Les années 1990-2000 marquent effectivement l’efficacité relative de l’action internationale dans la question indo-pakistanaise. En 2001, l’insurrection de militants anti-indiens favorables au rattachement au Pakistan ou à l’indépendance a encore une fois ravivé les tensions entre l’Inde et le Pakistan. Cette fois, l’islamisme et le terrorisme font partie des enjeux. En effet, la guerre d’Afghanistan de 1979 à 1989 a laissé des traces et va influencer cette insurrection en favorisant l’émergence de djihadistes islamistes liés au moudjahidin afghans (combattants pour la foi engagés dans le djihad).
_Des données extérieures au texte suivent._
(* Let $G$ be a connected graph with a vertex $u$. Let $v\in N(u)$ with $d(v)\le d(u)-2$, and let $w\in V(G)\setminus N[u]$ be a neighbor of $v$. If $|N(v)\setminus N[u]|\in\{1,2\}$ and $N(z)\setminus \{v\}\subseteq N(v)\setminus N(u)$ for every $z\in N(v)\setminus N[u]$, then $q(G-vw+uw)>q(G)$.
   Context: $N(x)$ is the neighborhood of $x$, $N[x]=N(x)\cup\{x\}$, $d(x)=|N(x)|$. $Q(G)=D(G)+A(G)$ is the signless Laplacian and $q(G)$ its largest eigenvalue. $G-vw+uw$ denotes the graph obtained by deleting edge $vw$ and adding edge $uw$. *)

From HB Require Import structures.
From mathcomp Require Import all_boot all_order all_algebra.
From mathcomp Require Import reals.
Set Implicit Arguments. Unset Strict Implicit. Unset Printing Implicit Defensive.
Import Order.TTheory GRing.Theory Num.Theory.
Local Open Scope ring_scope.

Definition simple_graph (n : nat) (e : rel 'I_n) : Prop :=
  symmetric e /\ irreflexive e.

Definition connected_graph (n : nat) (e : rel 'I_n) : Prop :=
  forall x y : 'I_n, connect e x y.

Definition nbhd (n : nat) (e : rel 'I_n) (x : 'I_n) : {set 'I_n} :=
  [set y | e x y].
Definition deg (n : nat) (e : rel 'I_n) (x : 'I_n) : nat := #|nbhd e x|.

Definition adjmx (R : nzRingType) (n : nat) (e : rel 'I_n) : 'M[R]_n :=
  \matrix_(i, j) (e i j)%:R.
Definition degmx (R : nzRingType) (n : nat) (e : rel 'I_n) : 'M[R]_n :=
  diag_mx (\row_i (deg e i)%:R).
Definition signless_laplacian (R : nzRingType) (n : nat) (e : rel 'I_n)
  : 'M[R]_n := degmx R e + adjmx R e.

Definition is_q (R : realFieldType) (n : nat) (e : rel 'I_n) (q : R) : Prop :=
  eigenvalue (signless_laplacian R e) q /\
  forall a : R, eigenvalue (signless_laplacian R e) a -> a <= q.

Definition move_edge (n : nat) (e : rel 'I_n) (v w u : 'I_n) : rel 'I_n :=
  fun x y =>
    (e x y && ~~ (((x == v) && (y == w)) || ((x == w) && (y == v))))
    || ((x == u) && (y == w)) || ((x == w) && (y == u)).

From HB Require Import structures.
From mathcomp Require Import all_boot all_order all_algebra.
From mathcomp Require Import reals complex ring lra zify.
Import Order.TTheory GRing.Theory Num.Theory.
Local Open Scope ring_scope.

Set Implicit Arguments.
Unset Strict Implicit.
Unset Printing Implicit Defensive.

(* Since Q(G) is symmetric, q(G) is the maximum of the Rayleigh quotient; taking
   entrywise absolute values of a q-eigenvector cannot lower the quotient, so Q(G)
   has a nonnegative q-eigenvector x, which is positive as G is connected.  Every
   z in P = N(v) \ N[u] has its neighbours in {v} and P, and with |P| <= 2 and
   q >= d(u) >= |P| + 3 this bounds the weight of P by x_v; comparing the
   eigenvalue equations at u and v then yields x_v < x_u.  Moving vw to uw raises
   x^T Q x by (x_u + x_w)^2 - (x_v + x_w)^2 > 0, so q(G - vw + uw) > q(G). *)

Definition mxform (R : nzRingType) n (A : 'M[R]_n) (a b : 'rV[R]_n) : R :=
  (a *m A *m b^T) 0 0.

Lemma mxformE (R : nzRingType) n (A : 'M[R]_n) a b :
  mxform A a b = \sum_i \sum_j a 0 i * A i j * b 0 j.
Proof.
rewrite /mxform mxE exchange_big /=; apply: eq_bigr => j _.
by rewrite !mxE mulr_suml.
Qed.

Lemma mxform_row (R : nzRingType) n (A : 'M[R]_n) a b :
  mxform A a b = \sum_j (a *m A) 0 j * b 0 j.
Proof. by rewrite /mxform mxE; apply: eq_bigr => j _; rewrite !mxE. Qed.

Lemma mxform_sym (R : comNzRingType) n (A : 'M[R]_n) a b :
  A^T = A -> mxform A b a = mxform A a b.
Proof.
move=> symA; rewrite /mxform -[in LHS]symA.
transitivity ((b *m A^T *m a^T)^T 0 0); first by rewrite [RHS]mxE.
by rewrite !trmx_mul !trmxK mulmxA.
Qed.

Lemma mxform_line (R : comNzRingType) n (A : 'M[R]_n) a c t :
  mxform A (a + t *: c) (a + t *: c) =
  mxform A a a + t * (mxform A a c + mxform A c a) + t ^+ 2 * mxform A c c.
Proof.
rewrite /mxform linearD linearZ /= !mulmxDl !mulmxDr -!scalemxAl -!scalemxAr.
by rewrite !mxE; ring.
Qed.

Lemma dot_selfE (R : nzRingType) n (y : 'rV[R]_n) :
  (y *m y^T) 0 0 = \sum_i y 0 i ^+ 2.
Proof. by rewrite mxE; apply: eq_bigr => i _; rewrite mxE. Qed.

Lemma dot_self_ge0 (R : realDomainType) n (y : 'rV[R]_n) : 0 <= (y *m y^T) 0 0.
Proof. by rewrite dot_selfE sumr_ge0 // => i _; rewrite sqr_ge0. Qed.

Lemma dot_self_eq0 (R : realDomainType) n (y : 'rV[R]_n) :
  ((y *m y^T) 0 0 == 0) = (y == 0).
Proof.
rewrite dot_selfE psumr_eq0 => [|i _]; last exact: sqr_ge0.
apply/allP/eqP => [y0|-> i _]; last by rewrite mxE expr2 mulr0 eqxx.
apply/rowP => i; apply/eqP; rewrite mxE -sqrf_eq0.
exact: (implyP (y0 i (mem_index_enum i))).
Qed.

Lemma psd_mxform_eq0 (R : realFieldType) n (B : 'M[R]_n) x :
  B^T = B -> (forall y, 0 <= mxform B y y) -> mxform B x x = 0 -> x *m B = 0.
Proof.
move=> symB psdB Bx0; set z := x *m B.
have s_ge0 := dot_self_ge0 z; set s := (z *m z^T) 0 0 in s_ge0 *.
have b_ge0 := psdB z; set b := mxform B z z in b_ge0.
have xz : mxform B x z = s by rewrite /mxform.
pose t := s / (b + 1).
have tb : t * (b + 1) = s by rewrite divfK // gt_eqF // ltr_wpDl.
have t_ge0 : 0 <= t by rewrite divr_ge0 // addr_ge0.
(* On the line x - t z the form equals t (t b - 2 s), negative unless s = 0. *)
have := psdB (x - t *: z).
rewrite -scaleNr mxform_line [mxform B z x](mxform_sym _ _ symB) xz Bx0 -/b.
rewrite add0r => line_ge0.
have /eqP : s = 0 by nra.
by rewrite dot_self_eq0 => /eqP.
Qed.

Lemma rayleigh_eq_eigen (R : realFieldType) n (A : 'M[R]_n) (l : R) x :
  A^T = A -> (forall y, mxform A y y <= l * (y *m y^T) 0 0) ->
  mxform A x x = l * (x *m x^T) 0 0 -> x *m A = l *: x.
Proof.
move=> symA le_l eq_l; set B := l%:M - A.
have formB y : mxform B y y = l * (y *m y^T) 0 0 - mxform A y y.
  by rewrite /mxform mulmxBr mul_mx_scalar mulmxBl -scalemxAl !mxE.
have /eqP : x *m B = 0.
  apply: psd_mxform_eq0 => [|y|]; first by rewrite linearB /= tr_scalar_mx symA.
    by rewrite formB subr_ge0.
  by rewrite formB eq_l subrr.
by rewrite mulmxBr mul_mx_scalar subr_eq0 => /eqP.
Qed.

Lemma rayleigh_lt (R : realFieldType) n (A B : 'M[R]_n) (a b : R) x :
  x != 0 -> x *m A = a *: x -> (forall y, mxform B y y <= b * (y *m y^T) 0 0) ->
  mxform A x x < mxform B x x -> a < b.
Proof.
move=> x_neq0 xA le_b lt_AB.
have norm_gt0 : 0 < (x *m x^T) 0 0 by rewrite lt0r dot_self_eq0 x_neq0 dot_self_ge0.
rewrite -(ltr_pM2r norm_gt0) (lt_le_trans _ (le_b x)) //.
by rewrite /mxform xA -scalemxAl mxE in lt_AB.
Qed.

Lemma row_neq0 (R : nzRingType) n (y : 'rV[R]_n) : y != 0 -> exists i, y 0 i != 0.
Proof.
move=> y_neq0; apply/existsP; apply: contraNT y_neq0 => /existsPn y0.
by apply/eqP/rowP => i; rewrite mxE; apply/eqP/negPn.
Qed.

(* The spectral theorem is only available over algebraically closed fields, hence
   the detour through the complexification R[i]. *)
Section Rayleigh.
Import Num.Def.
Local Open Scope sesquilinear_scope.
Local Open Scope complex_scope.

Variables (R : rcfType) (n : nat) (A : 'M[R]_n).
Hypothesis symA : A^T = A.

Local Notation toC := (real_complex R).
Local Notation Ac := (map_mx toC A).

Lemma complexification_hermitian : Ac \is hermsymmx.
Proof.
apply/is_hermitianmxP; rewrite expr0 scale1r.
by apply/matrixP => i j; rewrite !mxE conj_Creal ?complex_real // -[in LHS]symA mxE.
Qed.

Lemma spectral_diag_le (l : R) :
  (forall a, eigenvalue A a -> a <= l) ->
  forall j, spectral_diag Ac 0 j <= l%:C.
Proof.
move=> le_l j; set P := spectralmx Ac; set d := spectral_diag Ac.
have AcE : Ac = invmx P *m diag_mx d *m P.
  exact/orthomx_spectralP/hermitian_normalmx/complexification_hermitian.
have d_real : d 0 j \is Num.real.
  exact: mxOverP (hermitian_spectral_diag_real complexification_hermitian) _ _.
have : eigenvalue Ac (d 0 j).
  apply/eigenvalueP; exists (row j P).
    rewrite -row_mul AcE !mulmxA mulmxV ?spectral_unit // mul1mx row_mul.
    by rewrite row_diag_mx -scalemxAl -rowE.
  apply/eqP => /(congr1 (mulmx^~ (invmx P))).
  rewrite -row_mul mulmxV ?spectral_unit // mul0mx => /rowP/(_ j).
  by rewrite !mxE eqxx => /eqP; rewrite oner_eq0.
rewrite -(RRe_real d_real) eigenvalue_map => /le_l.
by rewrite -lecR.
Qed.

Lemma rayleigh_le (l : R) :
  (forall a, eigenvalue A a -> a <= l) ->
  forall y, mxform A y y <= l * (y *m y^T) 0 0.
Proof.
move=> le_l y; set P := spectralmx Ac; set d := spectral_diag Ac.
have AcE : Ac = P^t* *m diag_mx d *m P.
  rewrite -invmx_unitary ?spectral_unitarymx //.
  exact/orthomx_spectralP/hermitian_normalmx/complexification_hermitian.
have PtP : P^t* *m P = 1%:M.
  by rewrite -invmx_unitary ?spectral_unitarymx // mulVmx ?spectral_unit.
pose f : {rmorphism R -> R[i]} := toC.
pose yc := map_mx f y; pose w := P *m yc^T.
have wt : w^t* = yc *m P^t*.
  have ycc : map_mx conjC yc = yc.
    by apply/matrixP => i j; rewrite !mxE conj_Creal ?complex_real.
  by rewrite /w trmx_mul trmxK map_mxM ycc.
have f_entry (M : 'M[R]_1) : f (M 0 0) = map_mx f M 0 0 by rewrite mxE.
have formE : f (mxform A y y) = (w^t* *m diag_mx d *m w) 0 0.
  by rewrite f_entry !map_mxM -map_trmx AcE wt /w !mulmxA.
have normE : f (l * (y *m y^T) 0 0) = l%:C * (w^t* *m w) 0 0.
  by rewrite rmorphM f_entry map_mxM -map_trmx wt /w !mulmxA -(mulmxA yc) PtP mulmx1.
rewrite -lecR -/f formE normE mul_mx_diag !mxE big_distrr /=.
apply: ler_sum => j _; rewrite !mxE mulrAC [l%:C * _]mulrC.
by rewrite ler_wpM2l ?spectral_diag_le // mulrC mul_conjC_ge0.
Qed.

End Rayleigh.

Lemma diag_le_max_eigenvalue (R : rcfType) n (A : 'M[R]_n) (l : R) :
  A^T = A -> (forall a, eigenvalue A a -> a <= l) -> forall i, A i i <= l.
Proof.
move=> symA le_l i; have := rayleigh_le symA le_l (delta_mx 0 i).
by rewrite /mxform !trmx_delta mul_delta_mx -rowE -colE !mxE !eqxx mulr1.
Qed.

Lemma nonneg_eigenvector (R : rcfType) n (A : 'M[R]_n) (l : R) :
  A^T = A -> (forall i j, 0 <= A i j) ->
  eigenvalue A l -> (forall a, eigenvalue A a -> a <= l) ->
  exists2 x : 'rV[R]_n, x != 0 & (forall i, 0 <= x 0 i) /\ x *m A = l *: x.
Proof.
move=> symA A_ge0 eig_l le_l; have [x0 x0A x0_neq0] := eigenvalueP eig_l.
pose x := map_mx (fun a => `|a|) x0.
have normE : (x *m x^T) 0 0 = (x0 *m x0^T) 0 0.
  by rewrite !dot_selfE; apply: eq_bigr => i _; rewrite mxE real_normK ?num_real.
have formx0 : mxform A x0 x0 = l * (x0 *m x0^T) 0 0.
  by rewrite /mxform x0A -scalemxAl mxE.
have form_le : mxform A x0 x0 <= mxform A x x.
  rewrite !mxformE; apply: ler_sum => i _; apply: ler_sum => j _.
  by rewrite !mxE -{2}(ger0_norm (A_ge0 i j)) -!normrM ler_norm.
exists x; last split.
- by rewrite -dot_self_eq0 normE dot_self_eq0.
- by move=> i; rewrite mxE normr_ge0.
apply: rayleigh_eq_eigen => //; first exact: rayleigh_le.
by apply/eqP; rewrite eq_le rayleigh_le //= normE -formx0.
Qed.

Lemma sum_subset_le (R : numDomainType) (I : finType) (F : I -> R) (A B : {set I}) :
  (forall i, 0 <= F i) -> A \subset B -> \sum_(i in A) F i <= \sum_(i in B) F i.
Proof.
move=> F_ge0 AB; rewrite [X in _ <= X](big_setID A) /= (setIidPr AB) lerDl.
exact: sumr_ge0.
Qed.

Lemma sum_setU1_le (R : numDomainType) (I : finType) (F : I -> R) (A : {set I}) a :
  (forall i, 0 <= F i) -> \sum_(i in a |: A) F i <= F a + \sum_(i in A) F i.
Proof.
move=> F_ge0; have [aA|aNA] := boolP (a \in A); last by rewrite big_setU1.
have /setUidPr -> : [set a] \subset A by rewrite sub1set.
by rewrite lerDr.
Qed.

Section SignlessLaplacian.
Variables (n : nat) (e : rel 'I_n).

Lemma sum_nbhd (R : nzRingType) j (F : 'I_n -> R) :
  \sum_(i in nbhd e j) F i = \sum_i (e j i)%:R * F i.
Proof.
rewrite big_mkcond; apply: eq_bigr => i _.
by rewrite inE; case: (e j i); rewrite ?mul1r ?mul0r.
Qed.

Lemma deg_sum (R : nzRingType) j : (deg e j)%:R = \sum_i (e j i)%:R :> R.
Proof.
transitivity (\sum_(i in nbhd e j) (1 : R)); first by rewrite sumr_const.
by rewrite sum_nbhd; apply: eq_bigr => i _; rewrite mulr1.
Qed.

Lemma signless_laplacianE (R : nzRingType) i j :
  signless_laplacian R e i j = (i == j)%:R * (deg e i)%:R + (e i j)%:R.
Proof. by rewrite !mxE mulr_natl. Qed.

Lemma signless_laplacian_ge0 (R : numDomainType) i j :
  0 <= signless_laplacian R e i j.
Proof. by rewrite signless_laplacianE addr_ge0 ?mulr_ge0. Qed.

Lemma signless_laplacian_row (R : comNzRingType) (y : 'rV[R]_n) j :
  (y *m signless_laplacian R e) 0 j = (deg e j)%:R * y 0 j + \sum_i (e i j)%:R * y 0 i.
Proof.
rewrite mulmxDr mxE mul_mx_diag !mxE mulrC; congr (_ + _).
by apply: eq_bigr => i _; rewrite mxE mulrC.
Qed.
L’émergence de ce groupuscule conduit l’Inde à renforcer son action, qui se solde par une grande violence et surtout par une violation du droit humanitaire.

La crise du Cachemire, ou crise de Kargil de 1999 témoigne de l’extrême difficulté dans laquelle se trouve la communauté internationale à ce sujet. La ligne de contrôle établie et surveillée par les Nations Unies ne se trouve plus respectée, l’armée pakistanaise s’infiltre au-delà de cette frontière non-officielle. L’intervention rapide des Etats-Unis comme médiateur (nous pouvons nous demander dans quelle mesure cette intervention souligne les failles onusiennes) permet de limiter l’escalade de la violence.


La question du nucléaire dans le conflit indo-pakistanais : une remise en cause claire de l’ordre international 

Le Pakistan et l’Inde figurent parmi les premières puissances à mettre en péril le Traité de Non-Prolifération Nucléaire (1968) qui limite à cinq le nombre de pays légalement dotés de l’arme nucléaire (bien que l’Inde et le Pakistan ne l’aient pas ratifié). L’Inde se dote notamment de l’arme nucléaire afin de rivaliser avec la Chine et accessoirement afin d’asseoir sa supériorité déjà établie sur le Pakistan. 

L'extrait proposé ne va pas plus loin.